[Start of Attachment]

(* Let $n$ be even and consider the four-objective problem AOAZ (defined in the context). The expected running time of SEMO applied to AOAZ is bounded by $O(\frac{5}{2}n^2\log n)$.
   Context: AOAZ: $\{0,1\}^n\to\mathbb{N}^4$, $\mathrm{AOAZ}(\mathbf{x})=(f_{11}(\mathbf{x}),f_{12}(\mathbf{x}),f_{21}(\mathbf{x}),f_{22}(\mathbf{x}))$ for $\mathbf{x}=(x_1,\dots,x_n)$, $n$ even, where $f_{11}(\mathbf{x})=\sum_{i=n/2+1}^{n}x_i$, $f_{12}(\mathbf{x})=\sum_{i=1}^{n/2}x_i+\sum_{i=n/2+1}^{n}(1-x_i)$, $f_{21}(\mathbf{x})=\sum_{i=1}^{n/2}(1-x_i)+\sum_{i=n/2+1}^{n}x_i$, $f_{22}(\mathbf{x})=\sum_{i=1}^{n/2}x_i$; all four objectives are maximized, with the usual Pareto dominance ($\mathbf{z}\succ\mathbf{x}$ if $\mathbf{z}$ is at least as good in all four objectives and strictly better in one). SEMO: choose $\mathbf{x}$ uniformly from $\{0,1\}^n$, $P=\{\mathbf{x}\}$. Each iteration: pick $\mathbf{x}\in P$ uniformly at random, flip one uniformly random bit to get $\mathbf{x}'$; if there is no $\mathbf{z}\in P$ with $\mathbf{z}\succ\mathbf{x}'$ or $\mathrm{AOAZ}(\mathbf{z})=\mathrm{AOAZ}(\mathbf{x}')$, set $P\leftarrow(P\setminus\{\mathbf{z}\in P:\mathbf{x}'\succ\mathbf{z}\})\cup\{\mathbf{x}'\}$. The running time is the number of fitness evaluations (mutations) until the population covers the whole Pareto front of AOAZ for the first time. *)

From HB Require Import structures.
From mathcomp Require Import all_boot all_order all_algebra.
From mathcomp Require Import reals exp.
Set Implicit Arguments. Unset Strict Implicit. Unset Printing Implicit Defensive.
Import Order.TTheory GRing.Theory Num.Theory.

[End of Attachment]
[Start of Attachment]

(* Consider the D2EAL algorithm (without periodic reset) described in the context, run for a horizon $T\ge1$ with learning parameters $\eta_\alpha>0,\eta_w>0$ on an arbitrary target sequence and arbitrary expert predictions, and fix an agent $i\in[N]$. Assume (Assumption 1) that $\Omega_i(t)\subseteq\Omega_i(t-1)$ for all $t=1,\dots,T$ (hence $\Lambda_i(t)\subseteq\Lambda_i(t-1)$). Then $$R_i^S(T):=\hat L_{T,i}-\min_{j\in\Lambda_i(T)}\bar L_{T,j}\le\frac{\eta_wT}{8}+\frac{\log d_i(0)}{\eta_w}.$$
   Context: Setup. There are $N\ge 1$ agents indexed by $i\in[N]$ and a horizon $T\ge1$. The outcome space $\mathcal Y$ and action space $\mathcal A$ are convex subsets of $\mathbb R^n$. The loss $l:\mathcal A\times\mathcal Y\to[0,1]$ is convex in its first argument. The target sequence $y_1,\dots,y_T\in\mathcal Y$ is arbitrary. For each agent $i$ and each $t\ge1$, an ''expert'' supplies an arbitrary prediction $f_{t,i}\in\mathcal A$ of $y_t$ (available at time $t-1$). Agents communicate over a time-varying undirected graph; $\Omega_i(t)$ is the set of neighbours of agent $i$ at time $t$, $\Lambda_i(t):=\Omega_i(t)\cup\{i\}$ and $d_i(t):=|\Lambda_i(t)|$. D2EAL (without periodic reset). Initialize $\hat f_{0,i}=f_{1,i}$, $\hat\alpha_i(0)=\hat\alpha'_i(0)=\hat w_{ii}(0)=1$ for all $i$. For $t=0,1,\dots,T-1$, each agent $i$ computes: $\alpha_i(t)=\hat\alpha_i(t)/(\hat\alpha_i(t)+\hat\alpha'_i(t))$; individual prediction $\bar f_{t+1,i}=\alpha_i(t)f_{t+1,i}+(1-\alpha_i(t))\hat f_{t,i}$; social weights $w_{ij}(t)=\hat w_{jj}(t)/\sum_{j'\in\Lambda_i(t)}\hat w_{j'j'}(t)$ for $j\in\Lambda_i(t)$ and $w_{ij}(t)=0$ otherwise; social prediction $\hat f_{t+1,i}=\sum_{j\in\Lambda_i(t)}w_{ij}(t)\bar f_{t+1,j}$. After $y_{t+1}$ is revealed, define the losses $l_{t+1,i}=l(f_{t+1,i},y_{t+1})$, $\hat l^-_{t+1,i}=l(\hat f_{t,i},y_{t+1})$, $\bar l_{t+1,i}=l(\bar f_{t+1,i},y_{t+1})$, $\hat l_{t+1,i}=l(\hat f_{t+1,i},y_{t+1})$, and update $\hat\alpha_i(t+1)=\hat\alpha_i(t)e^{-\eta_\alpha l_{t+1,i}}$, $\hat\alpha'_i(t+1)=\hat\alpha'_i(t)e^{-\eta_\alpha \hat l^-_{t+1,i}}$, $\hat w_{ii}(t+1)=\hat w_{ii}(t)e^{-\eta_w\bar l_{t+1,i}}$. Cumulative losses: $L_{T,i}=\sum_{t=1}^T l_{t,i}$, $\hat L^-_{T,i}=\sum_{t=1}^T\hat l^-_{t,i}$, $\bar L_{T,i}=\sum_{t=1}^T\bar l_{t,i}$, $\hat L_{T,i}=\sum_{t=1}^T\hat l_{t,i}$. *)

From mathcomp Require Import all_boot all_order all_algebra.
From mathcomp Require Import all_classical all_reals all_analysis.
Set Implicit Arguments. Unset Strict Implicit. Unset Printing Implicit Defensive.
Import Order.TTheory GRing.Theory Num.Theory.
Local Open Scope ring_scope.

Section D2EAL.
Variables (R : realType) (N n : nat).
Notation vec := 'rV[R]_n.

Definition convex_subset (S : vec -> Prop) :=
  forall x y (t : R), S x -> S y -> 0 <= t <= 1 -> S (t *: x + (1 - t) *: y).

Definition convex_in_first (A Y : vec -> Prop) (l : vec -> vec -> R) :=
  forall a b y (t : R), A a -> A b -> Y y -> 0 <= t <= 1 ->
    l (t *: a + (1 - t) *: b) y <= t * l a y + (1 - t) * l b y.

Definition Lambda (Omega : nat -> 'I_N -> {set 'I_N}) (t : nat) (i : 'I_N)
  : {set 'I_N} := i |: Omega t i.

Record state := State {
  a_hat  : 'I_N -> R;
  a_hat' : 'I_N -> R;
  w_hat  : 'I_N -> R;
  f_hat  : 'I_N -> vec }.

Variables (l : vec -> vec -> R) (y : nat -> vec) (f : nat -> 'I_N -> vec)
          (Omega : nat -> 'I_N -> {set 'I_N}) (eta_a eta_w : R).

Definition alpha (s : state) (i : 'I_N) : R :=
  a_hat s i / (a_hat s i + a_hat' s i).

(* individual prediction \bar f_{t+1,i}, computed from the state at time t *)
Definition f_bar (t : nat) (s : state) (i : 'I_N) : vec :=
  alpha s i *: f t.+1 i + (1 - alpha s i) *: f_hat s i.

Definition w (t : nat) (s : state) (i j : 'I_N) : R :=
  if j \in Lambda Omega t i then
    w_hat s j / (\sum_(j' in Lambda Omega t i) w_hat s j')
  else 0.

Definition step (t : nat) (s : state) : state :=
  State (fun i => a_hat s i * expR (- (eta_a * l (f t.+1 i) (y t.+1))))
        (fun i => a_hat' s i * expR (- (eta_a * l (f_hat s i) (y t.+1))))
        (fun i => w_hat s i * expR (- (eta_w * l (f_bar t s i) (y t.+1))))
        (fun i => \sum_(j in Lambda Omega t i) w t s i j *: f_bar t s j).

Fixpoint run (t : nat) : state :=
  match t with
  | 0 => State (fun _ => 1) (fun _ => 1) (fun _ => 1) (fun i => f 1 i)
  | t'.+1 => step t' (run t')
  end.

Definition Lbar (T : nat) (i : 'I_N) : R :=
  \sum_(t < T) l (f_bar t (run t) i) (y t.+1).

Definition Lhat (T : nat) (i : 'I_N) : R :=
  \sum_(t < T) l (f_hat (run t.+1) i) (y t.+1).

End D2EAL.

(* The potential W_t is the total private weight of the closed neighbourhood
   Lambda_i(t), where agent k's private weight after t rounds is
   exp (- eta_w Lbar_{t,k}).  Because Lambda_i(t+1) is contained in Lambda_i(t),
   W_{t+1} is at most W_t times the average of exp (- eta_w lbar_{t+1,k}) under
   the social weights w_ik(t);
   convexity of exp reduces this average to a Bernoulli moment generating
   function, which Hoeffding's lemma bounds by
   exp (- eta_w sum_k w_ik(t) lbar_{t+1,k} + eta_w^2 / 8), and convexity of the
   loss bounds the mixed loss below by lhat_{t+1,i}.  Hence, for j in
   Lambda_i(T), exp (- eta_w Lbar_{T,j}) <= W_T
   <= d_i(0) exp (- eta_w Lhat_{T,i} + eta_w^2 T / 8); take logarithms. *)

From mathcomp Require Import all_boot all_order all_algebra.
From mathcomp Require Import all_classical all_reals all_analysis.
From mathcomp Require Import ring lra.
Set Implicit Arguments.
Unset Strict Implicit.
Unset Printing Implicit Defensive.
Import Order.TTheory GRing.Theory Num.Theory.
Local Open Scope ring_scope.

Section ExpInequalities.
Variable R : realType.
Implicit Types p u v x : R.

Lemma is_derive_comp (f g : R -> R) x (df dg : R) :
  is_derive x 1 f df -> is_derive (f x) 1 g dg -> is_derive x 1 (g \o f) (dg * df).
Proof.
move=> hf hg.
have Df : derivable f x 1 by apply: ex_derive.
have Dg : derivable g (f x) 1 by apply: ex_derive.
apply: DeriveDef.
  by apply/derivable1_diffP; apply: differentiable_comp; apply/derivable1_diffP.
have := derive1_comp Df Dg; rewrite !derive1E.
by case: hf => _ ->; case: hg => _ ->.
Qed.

[End of Attachment]

Repeat exactly the lines of the listing above, from the one with "Notation vec := 'rV[R]_n." down to the one with "a_hat s i / (a_hat s i + a_hat' s i)."; both of those lines belong in the range.

Notation vec := 'rV[R]_n.

Definition convex_subset (S : vec -> Prop) :=
  forall x y (t : R), S x -> S y -> 0 <= t <= 1 -> S (t *: x + (1 - t) *: y).

Definition convex_in_first (A Y : vec -> Prop) (l : vec -> vec -> R) :=
  forall a b y (t : R), A a -> A b -> Y y -> 0 <= t <= 1 ->
    l (t *: a + (1 - t) *: b) y <= t * l a y + (1 - t) * l b y.

Definition Lambda (Omega : nat -> 'I_N -> {set 'I_N}) (t : nat) (i : 'I_N)
  : {set 'I_N} := i |: Omega t i.

Record state := State {
  a_hat  : 'I_N -> R;
  a_hat' : 'I_N -> R;
  w_hat  : 'I_N -> R;
  f_hat  : 'I_N -> vec }.

Variables (l : vec -> vec -> R) (y : nat -> vec) (f : nat -> 'I_N -> vec)
          (Omega : nat -> 'I_N -> {set 'I_N}) (eta_a eta_w : R).

Definition alpha (s : state) (i : 'I_N) : R :=
  a_hat s i / (a_hat s i + a_hat' s i).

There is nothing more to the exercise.